__WORK TASK__: Go over the entries and report the lines where the word "bvert" occurs.

__TASK INPUTS__:
○ ○ ○ ○ ○
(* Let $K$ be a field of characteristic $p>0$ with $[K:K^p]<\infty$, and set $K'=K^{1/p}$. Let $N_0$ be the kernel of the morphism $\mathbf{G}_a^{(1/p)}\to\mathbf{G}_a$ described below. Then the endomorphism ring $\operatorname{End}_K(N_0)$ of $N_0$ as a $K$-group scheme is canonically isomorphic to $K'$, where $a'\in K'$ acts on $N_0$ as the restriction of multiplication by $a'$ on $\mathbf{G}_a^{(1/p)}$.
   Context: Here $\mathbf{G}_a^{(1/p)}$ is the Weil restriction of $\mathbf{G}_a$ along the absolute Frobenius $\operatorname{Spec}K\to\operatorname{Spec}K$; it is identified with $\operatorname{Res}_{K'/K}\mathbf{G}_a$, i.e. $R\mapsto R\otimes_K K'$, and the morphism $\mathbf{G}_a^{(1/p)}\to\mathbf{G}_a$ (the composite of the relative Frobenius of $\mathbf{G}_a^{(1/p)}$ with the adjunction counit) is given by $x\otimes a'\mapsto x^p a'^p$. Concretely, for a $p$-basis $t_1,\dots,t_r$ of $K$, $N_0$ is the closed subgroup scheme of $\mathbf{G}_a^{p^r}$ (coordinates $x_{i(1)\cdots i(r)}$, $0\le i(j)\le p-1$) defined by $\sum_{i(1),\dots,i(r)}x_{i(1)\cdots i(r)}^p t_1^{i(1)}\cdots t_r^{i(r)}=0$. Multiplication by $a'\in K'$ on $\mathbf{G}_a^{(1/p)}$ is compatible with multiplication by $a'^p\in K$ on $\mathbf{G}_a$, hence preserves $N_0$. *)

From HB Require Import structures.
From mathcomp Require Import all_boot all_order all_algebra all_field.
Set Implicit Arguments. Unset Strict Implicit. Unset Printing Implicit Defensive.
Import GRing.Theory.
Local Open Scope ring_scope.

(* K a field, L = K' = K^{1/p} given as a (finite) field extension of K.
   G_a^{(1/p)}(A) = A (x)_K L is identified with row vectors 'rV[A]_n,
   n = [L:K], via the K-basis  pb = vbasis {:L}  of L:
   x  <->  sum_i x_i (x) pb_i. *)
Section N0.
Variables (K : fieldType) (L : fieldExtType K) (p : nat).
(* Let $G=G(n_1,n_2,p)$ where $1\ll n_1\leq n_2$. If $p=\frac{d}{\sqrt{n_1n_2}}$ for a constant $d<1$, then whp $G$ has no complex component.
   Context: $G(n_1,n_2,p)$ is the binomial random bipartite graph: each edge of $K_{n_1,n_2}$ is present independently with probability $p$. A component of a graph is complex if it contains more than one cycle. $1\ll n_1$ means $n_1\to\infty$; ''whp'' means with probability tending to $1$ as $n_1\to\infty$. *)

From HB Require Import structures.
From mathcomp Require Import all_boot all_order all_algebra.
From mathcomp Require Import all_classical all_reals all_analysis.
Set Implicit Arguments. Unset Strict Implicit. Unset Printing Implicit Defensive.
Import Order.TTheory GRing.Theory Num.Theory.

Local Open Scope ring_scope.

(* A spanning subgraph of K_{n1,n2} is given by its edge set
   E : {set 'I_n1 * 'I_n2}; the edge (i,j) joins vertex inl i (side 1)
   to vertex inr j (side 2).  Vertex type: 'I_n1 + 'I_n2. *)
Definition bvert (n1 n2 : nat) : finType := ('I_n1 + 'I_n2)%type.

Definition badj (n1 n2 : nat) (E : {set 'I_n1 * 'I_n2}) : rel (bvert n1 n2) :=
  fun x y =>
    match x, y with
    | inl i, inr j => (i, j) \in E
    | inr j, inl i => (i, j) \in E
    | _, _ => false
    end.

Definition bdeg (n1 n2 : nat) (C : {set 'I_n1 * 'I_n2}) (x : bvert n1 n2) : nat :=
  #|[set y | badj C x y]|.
○ ○ ○ ○ ○
__WRITTEN SOLUTION__:
Definition bvert (n1 n2 : nat) : finType := ('I_n1 + 'I_n2)%type.
Definition badj (n1 n2 : nat) (E : {set 'I_n1 * 'I_n2}) : rel (bvert n1 n2) :=
Definition bdeg (n1 n2 : nat) (C : {set 'I_n1 * 'I_n2}) (x : bvert n1 n2) : nat :=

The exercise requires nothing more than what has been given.